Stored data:
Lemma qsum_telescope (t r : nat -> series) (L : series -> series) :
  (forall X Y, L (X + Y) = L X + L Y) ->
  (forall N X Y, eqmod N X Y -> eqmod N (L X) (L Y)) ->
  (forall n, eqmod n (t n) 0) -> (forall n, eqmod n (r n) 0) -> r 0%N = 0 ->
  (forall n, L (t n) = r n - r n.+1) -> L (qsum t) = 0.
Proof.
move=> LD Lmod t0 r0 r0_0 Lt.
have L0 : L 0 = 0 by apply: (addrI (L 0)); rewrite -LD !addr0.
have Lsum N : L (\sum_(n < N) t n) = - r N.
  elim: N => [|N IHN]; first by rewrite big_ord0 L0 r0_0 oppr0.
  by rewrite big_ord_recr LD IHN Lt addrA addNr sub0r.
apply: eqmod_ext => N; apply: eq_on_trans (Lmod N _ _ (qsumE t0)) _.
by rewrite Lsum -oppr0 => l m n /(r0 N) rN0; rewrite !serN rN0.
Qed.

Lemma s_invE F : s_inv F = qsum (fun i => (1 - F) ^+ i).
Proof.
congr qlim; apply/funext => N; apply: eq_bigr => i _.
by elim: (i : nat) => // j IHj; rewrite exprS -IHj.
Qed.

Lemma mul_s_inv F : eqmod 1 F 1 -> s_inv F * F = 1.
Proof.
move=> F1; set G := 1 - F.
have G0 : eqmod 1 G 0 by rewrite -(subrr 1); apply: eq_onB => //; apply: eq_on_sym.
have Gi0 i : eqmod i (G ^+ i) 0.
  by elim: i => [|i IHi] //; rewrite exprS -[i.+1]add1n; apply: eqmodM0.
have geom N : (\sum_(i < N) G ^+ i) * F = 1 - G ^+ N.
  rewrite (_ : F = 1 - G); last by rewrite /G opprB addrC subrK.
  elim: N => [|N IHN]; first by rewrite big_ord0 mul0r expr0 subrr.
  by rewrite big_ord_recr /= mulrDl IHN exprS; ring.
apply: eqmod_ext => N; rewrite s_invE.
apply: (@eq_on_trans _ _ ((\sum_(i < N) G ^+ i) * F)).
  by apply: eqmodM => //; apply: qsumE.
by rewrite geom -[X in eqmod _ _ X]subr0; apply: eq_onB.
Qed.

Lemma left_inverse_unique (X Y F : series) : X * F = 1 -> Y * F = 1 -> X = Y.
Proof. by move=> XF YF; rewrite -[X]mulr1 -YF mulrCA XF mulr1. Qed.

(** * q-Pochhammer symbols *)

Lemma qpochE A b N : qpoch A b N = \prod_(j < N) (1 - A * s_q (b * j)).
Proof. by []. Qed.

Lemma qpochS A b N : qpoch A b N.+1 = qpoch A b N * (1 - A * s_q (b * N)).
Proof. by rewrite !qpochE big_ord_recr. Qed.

---

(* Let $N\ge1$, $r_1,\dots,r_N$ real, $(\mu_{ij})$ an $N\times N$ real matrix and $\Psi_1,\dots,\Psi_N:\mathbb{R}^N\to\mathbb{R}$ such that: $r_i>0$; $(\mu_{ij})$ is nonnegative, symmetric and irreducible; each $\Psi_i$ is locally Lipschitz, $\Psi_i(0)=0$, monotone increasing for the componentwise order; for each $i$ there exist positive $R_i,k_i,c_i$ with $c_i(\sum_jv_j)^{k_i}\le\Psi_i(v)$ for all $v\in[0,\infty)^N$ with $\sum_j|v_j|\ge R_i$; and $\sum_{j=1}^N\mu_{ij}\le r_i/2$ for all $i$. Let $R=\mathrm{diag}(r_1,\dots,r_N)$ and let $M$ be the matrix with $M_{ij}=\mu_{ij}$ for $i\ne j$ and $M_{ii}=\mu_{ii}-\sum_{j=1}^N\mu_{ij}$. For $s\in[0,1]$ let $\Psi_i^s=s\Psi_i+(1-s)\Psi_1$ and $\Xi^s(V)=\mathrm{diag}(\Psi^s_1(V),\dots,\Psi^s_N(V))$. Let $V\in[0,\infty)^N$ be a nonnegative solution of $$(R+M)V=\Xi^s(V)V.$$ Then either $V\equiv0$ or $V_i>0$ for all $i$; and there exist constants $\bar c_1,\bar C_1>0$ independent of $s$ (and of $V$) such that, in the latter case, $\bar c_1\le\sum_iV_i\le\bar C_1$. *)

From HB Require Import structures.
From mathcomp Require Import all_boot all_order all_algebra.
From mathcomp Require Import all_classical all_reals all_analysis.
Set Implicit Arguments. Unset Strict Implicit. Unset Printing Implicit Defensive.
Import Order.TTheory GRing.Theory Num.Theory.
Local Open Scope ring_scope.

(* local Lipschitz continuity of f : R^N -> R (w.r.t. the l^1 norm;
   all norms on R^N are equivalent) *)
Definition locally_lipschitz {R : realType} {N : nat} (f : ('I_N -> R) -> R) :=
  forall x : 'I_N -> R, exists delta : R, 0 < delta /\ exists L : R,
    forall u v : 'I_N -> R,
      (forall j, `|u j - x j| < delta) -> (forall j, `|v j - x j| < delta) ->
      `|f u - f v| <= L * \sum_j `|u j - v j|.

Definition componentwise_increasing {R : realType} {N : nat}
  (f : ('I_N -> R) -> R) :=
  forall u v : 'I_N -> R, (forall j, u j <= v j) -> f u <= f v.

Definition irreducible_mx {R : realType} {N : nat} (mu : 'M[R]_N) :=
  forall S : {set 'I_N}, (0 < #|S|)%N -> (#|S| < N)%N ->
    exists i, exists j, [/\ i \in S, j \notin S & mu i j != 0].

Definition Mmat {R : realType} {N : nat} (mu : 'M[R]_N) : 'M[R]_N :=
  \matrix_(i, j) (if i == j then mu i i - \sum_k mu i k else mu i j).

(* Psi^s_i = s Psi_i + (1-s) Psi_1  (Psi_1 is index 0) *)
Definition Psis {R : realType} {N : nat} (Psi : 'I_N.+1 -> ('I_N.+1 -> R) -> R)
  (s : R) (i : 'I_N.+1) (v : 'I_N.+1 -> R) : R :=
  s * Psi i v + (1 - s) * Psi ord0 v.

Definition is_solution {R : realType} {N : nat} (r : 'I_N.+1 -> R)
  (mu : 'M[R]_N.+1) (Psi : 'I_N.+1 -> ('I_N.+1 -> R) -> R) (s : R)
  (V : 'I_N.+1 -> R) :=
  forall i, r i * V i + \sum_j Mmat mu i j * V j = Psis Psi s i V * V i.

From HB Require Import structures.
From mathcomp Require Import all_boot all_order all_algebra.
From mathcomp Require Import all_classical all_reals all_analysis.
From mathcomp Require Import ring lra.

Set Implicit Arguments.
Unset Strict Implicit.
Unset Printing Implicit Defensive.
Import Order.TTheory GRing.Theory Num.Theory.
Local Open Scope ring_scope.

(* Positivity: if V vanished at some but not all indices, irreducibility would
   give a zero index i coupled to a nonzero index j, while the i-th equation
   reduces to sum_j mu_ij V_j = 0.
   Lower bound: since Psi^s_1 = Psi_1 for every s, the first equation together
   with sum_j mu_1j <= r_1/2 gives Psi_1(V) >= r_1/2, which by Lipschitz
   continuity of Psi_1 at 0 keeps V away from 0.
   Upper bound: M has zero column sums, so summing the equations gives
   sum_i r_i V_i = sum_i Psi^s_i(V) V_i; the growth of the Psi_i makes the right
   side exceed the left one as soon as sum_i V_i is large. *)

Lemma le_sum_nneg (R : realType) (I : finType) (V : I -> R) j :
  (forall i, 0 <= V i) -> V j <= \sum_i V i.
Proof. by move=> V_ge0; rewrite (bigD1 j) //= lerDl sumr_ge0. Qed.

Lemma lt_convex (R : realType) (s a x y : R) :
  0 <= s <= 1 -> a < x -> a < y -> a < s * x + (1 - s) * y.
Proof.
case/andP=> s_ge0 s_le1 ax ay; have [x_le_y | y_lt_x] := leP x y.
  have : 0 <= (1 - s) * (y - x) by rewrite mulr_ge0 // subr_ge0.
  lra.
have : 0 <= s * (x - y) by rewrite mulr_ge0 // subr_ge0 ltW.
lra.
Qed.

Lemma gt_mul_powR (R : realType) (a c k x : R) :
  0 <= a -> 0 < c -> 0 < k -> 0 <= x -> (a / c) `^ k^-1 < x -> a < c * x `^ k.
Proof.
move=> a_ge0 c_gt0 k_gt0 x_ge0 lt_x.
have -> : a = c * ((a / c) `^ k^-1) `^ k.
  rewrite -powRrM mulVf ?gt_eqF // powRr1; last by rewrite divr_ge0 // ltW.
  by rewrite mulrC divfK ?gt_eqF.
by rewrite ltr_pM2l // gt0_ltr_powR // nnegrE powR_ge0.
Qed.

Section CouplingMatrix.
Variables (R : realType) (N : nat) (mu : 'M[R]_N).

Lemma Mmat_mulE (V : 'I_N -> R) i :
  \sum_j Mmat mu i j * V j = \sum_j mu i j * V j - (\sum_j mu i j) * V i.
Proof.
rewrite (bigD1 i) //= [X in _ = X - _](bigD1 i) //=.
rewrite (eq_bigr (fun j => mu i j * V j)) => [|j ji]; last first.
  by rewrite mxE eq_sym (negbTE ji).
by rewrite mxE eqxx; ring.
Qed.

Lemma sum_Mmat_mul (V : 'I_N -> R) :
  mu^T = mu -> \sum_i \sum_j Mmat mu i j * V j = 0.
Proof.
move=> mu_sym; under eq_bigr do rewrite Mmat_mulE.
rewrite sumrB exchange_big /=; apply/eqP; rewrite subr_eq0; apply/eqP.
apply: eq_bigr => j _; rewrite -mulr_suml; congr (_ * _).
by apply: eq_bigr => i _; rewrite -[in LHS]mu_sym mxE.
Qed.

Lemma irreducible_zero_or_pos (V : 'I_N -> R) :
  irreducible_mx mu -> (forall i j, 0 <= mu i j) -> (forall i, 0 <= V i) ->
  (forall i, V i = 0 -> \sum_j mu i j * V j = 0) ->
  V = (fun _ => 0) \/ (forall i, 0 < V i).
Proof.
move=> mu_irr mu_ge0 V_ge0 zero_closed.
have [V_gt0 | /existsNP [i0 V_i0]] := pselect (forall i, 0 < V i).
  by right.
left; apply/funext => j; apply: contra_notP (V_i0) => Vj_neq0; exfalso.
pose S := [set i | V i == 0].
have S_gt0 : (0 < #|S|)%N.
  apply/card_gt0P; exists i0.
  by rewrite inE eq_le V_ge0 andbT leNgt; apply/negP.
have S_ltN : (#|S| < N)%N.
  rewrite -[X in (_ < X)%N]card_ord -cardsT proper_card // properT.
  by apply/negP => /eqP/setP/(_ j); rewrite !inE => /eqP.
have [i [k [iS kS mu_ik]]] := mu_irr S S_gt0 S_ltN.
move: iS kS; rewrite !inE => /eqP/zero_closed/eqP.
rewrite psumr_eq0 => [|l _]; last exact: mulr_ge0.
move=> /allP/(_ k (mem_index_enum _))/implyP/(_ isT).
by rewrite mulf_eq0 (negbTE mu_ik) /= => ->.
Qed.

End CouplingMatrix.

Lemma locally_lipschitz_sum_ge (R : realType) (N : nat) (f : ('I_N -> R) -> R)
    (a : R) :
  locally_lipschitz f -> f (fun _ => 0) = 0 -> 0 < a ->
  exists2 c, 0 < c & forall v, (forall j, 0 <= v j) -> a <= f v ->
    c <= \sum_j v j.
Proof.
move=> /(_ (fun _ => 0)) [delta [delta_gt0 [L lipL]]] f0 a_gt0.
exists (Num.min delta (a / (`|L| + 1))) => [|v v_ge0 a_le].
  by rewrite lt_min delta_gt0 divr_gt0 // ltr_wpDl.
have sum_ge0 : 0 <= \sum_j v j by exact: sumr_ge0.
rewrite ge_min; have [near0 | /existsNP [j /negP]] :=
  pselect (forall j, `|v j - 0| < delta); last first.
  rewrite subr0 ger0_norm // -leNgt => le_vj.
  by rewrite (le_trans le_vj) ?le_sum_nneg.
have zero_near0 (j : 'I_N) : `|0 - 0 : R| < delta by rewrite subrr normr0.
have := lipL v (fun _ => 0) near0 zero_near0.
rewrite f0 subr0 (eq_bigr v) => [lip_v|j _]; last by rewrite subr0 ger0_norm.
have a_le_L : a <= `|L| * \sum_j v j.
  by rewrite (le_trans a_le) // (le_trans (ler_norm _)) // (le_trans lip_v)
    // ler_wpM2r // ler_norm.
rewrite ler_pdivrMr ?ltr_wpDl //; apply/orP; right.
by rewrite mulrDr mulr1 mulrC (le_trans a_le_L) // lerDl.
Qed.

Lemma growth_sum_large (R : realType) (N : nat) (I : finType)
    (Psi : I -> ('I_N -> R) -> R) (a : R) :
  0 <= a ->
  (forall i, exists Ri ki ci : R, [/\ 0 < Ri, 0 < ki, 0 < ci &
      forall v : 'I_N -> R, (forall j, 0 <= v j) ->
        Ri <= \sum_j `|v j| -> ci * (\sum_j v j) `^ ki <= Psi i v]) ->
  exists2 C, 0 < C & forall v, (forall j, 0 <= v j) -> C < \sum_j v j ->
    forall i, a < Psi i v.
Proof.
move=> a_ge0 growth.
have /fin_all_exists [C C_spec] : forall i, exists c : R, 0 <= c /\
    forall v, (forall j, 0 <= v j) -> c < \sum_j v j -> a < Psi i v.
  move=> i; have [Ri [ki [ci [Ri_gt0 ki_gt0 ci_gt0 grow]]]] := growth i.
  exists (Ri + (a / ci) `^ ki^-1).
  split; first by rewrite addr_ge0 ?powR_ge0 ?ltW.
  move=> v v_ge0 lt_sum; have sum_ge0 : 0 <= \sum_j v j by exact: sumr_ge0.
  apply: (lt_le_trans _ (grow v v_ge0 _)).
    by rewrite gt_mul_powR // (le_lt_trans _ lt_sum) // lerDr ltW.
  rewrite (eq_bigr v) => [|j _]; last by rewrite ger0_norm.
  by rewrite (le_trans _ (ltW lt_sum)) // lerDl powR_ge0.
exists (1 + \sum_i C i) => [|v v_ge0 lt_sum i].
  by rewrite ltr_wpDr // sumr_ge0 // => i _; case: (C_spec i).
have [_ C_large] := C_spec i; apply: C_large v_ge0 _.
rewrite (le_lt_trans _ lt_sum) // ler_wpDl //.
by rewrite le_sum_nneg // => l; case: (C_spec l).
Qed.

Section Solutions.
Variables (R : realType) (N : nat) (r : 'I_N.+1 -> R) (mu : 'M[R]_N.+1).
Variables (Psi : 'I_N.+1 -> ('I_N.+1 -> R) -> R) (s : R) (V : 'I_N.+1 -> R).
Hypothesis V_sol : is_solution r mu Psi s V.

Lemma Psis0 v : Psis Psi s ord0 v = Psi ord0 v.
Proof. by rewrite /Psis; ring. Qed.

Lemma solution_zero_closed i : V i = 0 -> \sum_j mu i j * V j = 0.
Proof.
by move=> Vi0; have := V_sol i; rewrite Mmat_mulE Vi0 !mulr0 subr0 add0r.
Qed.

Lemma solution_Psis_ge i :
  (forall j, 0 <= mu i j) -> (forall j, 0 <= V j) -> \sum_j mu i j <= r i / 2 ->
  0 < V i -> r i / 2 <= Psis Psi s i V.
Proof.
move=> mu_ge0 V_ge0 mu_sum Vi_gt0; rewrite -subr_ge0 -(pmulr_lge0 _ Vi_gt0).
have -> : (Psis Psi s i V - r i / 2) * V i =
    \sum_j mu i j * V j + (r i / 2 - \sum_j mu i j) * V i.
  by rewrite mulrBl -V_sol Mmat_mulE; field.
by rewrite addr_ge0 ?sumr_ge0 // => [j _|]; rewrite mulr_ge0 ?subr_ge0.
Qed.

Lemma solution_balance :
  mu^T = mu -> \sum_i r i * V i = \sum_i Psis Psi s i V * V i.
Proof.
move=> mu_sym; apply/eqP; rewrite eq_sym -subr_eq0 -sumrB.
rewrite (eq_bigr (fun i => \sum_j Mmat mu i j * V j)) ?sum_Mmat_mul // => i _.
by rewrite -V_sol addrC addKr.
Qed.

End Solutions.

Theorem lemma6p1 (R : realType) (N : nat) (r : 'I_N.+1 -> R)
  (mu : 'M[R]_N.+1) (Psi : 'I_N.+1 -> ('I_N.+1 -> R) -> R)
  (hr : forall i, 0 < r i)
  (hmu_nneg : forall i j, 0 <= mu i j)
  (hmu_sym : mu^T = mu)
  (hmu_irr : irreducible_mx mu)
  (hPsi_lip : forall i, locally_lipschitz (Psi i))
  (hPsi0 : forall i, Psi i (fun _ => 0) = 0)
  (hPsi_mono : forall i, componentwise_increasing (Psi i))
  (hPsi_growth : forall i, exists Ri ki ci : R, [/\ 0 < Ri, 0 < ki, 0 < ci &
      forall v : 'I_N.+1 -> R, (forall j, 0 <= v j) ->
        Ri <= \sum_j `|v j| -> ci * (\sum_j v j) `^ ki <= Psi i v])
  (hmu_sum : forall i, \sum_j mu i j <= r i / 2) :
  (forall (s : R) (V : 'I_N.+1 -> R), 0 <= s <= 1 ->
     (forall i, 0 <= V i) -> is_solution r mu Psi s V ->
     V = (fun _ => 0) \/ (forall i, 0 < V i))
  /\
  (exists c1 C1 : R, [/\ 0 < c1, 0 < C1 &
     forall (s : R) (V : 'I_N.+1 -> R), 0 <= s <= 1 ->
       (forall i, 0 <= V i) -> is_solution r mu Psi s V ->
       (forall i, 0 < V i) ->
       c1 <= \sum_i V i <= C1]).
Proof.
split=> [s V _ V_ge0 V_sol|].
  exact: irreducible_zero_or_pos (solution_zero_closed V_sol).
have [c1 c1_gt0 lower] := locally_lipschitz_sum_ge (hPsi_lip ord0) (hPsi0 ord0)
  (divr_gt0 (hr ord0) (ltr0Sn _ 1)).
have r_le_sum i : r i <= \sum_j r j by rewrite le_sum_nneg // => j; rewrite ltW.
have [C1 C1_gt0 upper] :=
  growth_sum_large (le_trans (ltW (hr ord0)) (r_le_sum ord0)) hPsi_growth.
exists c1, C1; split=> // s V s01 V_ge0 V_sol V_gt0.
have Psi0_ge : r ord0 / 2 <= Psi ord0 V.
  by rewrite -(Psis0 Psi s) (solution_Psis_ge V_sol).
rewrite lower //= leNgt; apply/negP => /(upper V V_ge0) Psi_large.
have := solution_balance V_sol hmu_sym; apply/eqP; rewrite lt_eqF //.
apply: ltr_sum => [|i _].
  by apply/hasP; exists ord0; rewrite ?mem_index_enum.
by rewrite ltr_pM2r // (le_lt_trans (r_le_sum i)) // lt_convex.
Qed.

§ **Exercise goal**:
Please report how many lines in the records above contain the word "geom", and give nothing but the number.

§ **Your solution**:
2